* Task statement
Across the records below, count every line that contains the string "discriminate", then report the count alone.

* Materials provided

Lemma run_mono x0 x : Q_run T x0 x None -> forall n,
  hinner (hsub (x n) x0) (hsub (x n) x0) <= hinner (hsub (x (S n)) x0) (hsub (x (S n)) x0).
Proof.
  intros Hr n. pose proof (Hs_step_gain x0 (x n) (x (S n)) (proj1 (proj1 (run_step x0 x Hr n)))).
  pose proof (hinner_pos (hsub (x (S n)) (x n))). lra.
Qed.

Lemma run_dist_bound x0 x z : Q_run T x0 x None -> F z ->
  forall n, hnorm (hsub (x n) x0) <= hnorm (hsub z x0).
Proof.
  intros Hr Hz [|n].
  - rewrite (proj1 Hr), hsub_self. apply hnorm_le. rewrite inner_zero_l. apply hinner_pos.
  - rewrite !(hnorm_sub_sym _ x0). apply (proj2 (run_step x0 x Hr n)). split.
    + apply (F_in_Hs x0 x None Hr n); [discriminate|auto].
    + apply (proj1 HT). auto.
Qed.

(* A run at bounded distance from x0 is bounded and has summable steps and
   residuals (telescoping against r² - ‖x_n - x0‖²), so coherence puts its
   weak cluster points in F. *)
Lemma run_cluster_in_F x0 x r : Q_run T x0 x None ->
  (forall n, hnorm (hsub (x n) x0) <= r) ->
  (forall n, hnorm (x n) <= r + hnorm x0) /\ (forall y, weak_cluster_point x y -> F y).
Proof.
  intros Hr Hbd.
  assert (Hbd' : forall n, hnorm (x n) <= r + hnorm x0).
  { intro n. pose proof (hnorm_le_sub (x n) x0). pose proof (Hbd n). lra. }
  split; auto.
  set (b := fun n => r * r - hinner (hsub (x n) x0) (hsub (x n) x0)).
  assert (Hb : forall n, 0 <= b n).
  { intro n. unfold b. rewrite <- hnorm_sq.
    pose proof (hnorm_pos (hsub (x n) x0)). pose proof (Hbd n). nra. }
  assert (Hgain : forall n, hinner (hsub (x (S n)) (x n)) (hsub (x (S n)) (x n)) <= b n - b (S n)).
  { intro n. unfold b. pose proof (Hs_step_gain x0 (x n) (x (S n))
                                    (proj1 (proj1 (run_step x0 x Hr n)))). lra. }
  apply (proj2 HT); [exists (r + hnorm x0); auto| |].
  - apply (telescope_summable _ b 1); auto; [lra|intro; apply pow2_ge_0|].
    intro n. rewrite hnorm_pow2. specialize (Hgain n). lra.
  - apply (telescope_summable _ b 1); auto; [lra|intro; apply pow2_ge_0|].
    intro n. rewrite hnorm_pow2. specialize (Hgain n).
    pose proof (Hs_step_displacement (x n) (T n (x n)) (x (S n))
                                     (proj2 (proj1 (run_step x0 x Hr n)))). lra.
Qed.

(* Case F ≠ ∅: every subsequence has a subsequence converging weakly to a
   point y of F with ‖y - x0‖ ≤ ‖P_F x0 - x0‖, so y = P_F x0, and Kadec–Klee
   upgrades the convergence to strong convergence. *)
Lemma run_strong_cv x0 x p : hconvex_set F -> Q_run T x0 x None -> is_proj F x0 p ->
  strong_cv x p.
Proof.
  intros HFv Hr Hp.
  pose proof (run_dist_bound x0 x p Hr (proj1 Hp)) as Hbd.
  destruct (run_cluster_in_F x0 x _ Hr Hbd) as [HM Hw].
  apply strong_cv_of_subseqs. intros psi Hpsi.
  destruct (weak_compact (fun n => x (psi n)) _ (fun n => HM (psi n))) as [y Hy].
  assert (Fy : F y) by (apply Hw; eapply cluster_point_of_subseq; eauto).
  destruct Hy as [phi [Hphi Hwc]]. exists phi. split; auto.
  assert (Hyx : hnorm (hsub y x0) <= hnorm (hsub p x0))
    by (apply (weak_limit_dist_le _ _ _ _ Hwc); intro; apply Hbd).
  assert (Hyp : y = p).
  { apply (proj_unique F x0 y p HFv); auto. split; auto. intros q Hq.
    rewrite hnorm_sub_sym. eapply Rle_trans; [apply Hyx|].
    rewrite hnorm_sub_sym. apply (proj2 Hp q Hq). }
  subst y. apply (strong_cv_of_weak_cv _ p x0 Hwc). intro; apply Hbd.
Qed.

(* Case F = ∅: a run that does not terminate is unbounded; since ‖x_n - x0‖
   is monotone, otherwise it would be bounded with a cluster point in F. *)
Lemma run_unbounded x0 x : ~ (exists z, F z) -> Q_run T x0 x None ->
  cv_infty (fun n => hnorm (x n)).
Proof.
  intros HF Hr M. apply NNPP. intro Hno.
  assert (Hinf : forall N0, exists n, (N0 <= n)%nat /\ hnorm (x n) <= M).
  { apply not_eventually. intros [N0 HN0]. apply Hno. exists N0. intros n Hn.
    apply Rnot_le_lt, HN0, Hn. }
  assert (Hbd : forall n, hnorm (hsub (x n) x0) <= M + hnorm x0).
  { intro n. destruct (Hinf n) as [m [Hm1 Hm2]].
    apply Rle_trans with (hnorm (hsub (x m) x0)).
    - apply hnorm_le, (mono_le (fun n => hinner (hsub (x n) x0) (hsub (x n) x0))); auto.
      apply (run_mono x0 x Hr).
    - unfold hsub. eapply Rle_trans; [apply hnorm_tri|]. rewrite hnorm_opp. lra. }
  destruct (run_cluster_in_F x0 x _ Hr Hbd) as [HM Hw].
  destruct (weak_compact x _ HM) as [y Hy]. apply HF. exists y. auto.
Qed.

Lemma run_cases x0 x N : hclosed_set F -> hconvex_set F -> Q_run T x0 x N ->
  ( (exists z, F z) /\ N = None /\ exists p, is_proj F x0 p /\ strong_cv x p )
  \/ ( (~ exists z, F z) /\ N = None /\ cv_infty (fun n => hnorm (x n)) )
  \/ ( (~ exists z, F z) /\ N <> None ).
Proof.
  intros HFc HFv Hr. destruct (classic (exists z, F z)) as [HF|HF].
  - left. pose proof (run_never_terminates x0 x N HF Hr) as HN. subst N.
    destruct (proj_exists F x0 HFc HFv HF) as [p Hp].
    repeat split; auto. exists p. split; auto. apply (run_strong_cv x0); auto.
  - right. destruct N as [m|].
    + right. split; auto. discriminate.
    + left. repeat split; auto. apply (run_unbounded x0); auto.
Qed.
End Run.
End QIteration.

* Answer below
2